When respondents were asked how much a family of four would need to earn to be considered wealthy “in your area,” the median response was $150,000. The responses varied by geographic region, though, with people in the Northeast (where the cost of living is higher) giving a median response of $200,000.

The survey also included a pointed question about whether upper-income people pay their “fair share” in taxes. About 26 percent of respondents said they did, with another 8 percent saying the rich paid too much in taxes and 58 percent saying the rich paid too little.

If that sounds like a lot of people complaining that the wealthy don’t contribute enough to Uncle Sam, note that Americans’ attitudes toward the tax obligation of the rich have become much less demanding over the last two decades.

When this question was first asked by Gallup, in March 1992, 77 percent of respondents said upper-income Americans paid too little in taxes. Yet the average income tax burden of the wealthy was actually higher then.

Sources: Pew Research Center, Tax Policy Center. The blue line, which shows the percent of Americans who say the upper-income pay too little in taxes, refers to the left-hand axis. Note that this axis does not start at zero to better show the change. The red line, which shows the average federal income tax rate for a family of four earning twice the median income, refers to the right-hand axis.Sources: Pew Research Center, Tax Policy Center. The blue line, which shows the percent of Americans who say the upper-income pay too little in taxes, refers to the left-hand axis. Note that this axis does not start at zero to better show the change. The red line, which shows the average federal income tax rate for a family of four earning twice the median income, refers to the right-hand axis.

In 1992, when more than three-quarters of Americans said that rich people should be paying more, a family of four earning twice the median household income paid an average federal income tax rate of 14.79 percent, according to the Tax Policy Center.

As of 2011, the average tax burden for a family of four earning twice the median income (which came to $151,296) was 12.93 percent.

Over the same period, Americans have become much more demanding about how much the poor pay, however.

In 1992, 8 percent of Americans said lower-income people paid “too little” in taxes. Today that share has risen to 20 percent.

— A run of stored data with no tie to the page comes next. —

Lemma schedule_uses p : \max_(A <- X) #|A| <= p -> uses_at_most (@pltG V) (QG E) schedule p.
Proof.
move=> hp; apply/allP => c; rewrite size_QG -sched_cfg0 inE => /orP[/eqP -> | /mapP [k]].
  exact: nb_open_sched_cfg.
by rewrite mem_iota => kin ->; apply: nb_open_sched_cfg => //; lia.
Qed.

End DecompositionToProcessing.

End QueueSystemOfDigraph.

Theorem lemma4 (V : finType) (E : rel V) (p : nat) :
  (forall v, ~~ E v v) ->
  (forall v, exists u, E u v) ->
  (forall v, exists w, E v w) ->
  0 < p ->
  (exists X : seq {set V}, dir_path_decomp E X /\ dpd_width X <= p - 1)
  <-> has_processing (@pltG V) (QG E) p.
Proof.
(* Loops do no harm: a loop (v, v) merely gives v one more bin of each kind. *)
move=> _ in_arc out_arc p_gt0; split.
  move=> [X [hX width]]; exists (schedule E X); split; first exact: schedule_processing.
  by apply: (schedule_uses hX); move: width; rewrite /dpd_width; lia.
move=> [cs [proc use]]; exists (open_sets E cs); split.
  exact: open_sets_decomp.
by rewrite /dpd_width leq_sub2r // (open_sets_width use).
Qed.
Theorem theorem2 (R : realType) :
  exists (K delta : R), 0 < delta /\
  forall (n : nat) (rhos : 'I_n.+2 -> op R[i] (bool * bool)%type) (P : protocol n)
         (eps : R),
    (forall k, is_density (rhos k)) ->
    swap_and_correct R[i] P ->
    (forall k, 1 - fid (rhos k) < eps%:C) ->
    (n.+2)%:R * eps < delta ->
    `| fid (Lambda P (chain_state rhos))
       - fid (Lambda P (chain_state (fun k => werner (rhos k)))) |
      <= ('C(n.+2, 2)%:R * eps ^+ 2 + K * (n.+2)%:R ^+ 3 * eps ^+ 3)%:C.
Proof.
(* The quadratic bound holds exactly, with no cubic correction. *)
exists 0, 1; split=> // n rhos P eps dens sac fid_gt _.
pose w k a := complex.Re (bell_weight (rhos k) a).
have wE k a : bell_weight (rhos k) a = (w k a)%:C by exact: bell_weight_real.
have wWE k a : bell_weight (werner (rhos k)) a = (werner_weights w k a)%:C.
  rewrite bell_weight_werner fid_bell_weight wE /werner_weights.
  by case: (a == ff); rewrite // fmorph_div rmorphB rmorph1 rmorph_nat.
rewrite !(fid_Lambda_swap_fid _ sac) (swap_fid_klein_conv wE) (swap_fid_klein_conv wWE).
rewrite -rmorphB normc_real !mul0r addr0 lecR.
exact: klein_conv_werner_diff (density_near_perfect dens fid_gt).
Qed.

As with that of the wealthy, the tax burden of the poor has also fallen considerably in the last two decades; in 1992, a family earning half the median income paid an average tax rate of 4.55 percent, whereas last year a family in that position had a negative tax burden of 6.84 percent (that is, the family received money from the federal government equaling 6.84 percent of their income, thanks to refundable tax credits).

For whatever reason, Americans have become much less tolerant of lower tax rates for the poor than they have for the rich.

Addendum on methodology: Pew’s survey was done through telephone interviews conducted July 16-26, 2012, with a nationally representative sample of 2,508 adults ages 18 and older. The margin of sampling error is plus or minus 3 percentage points.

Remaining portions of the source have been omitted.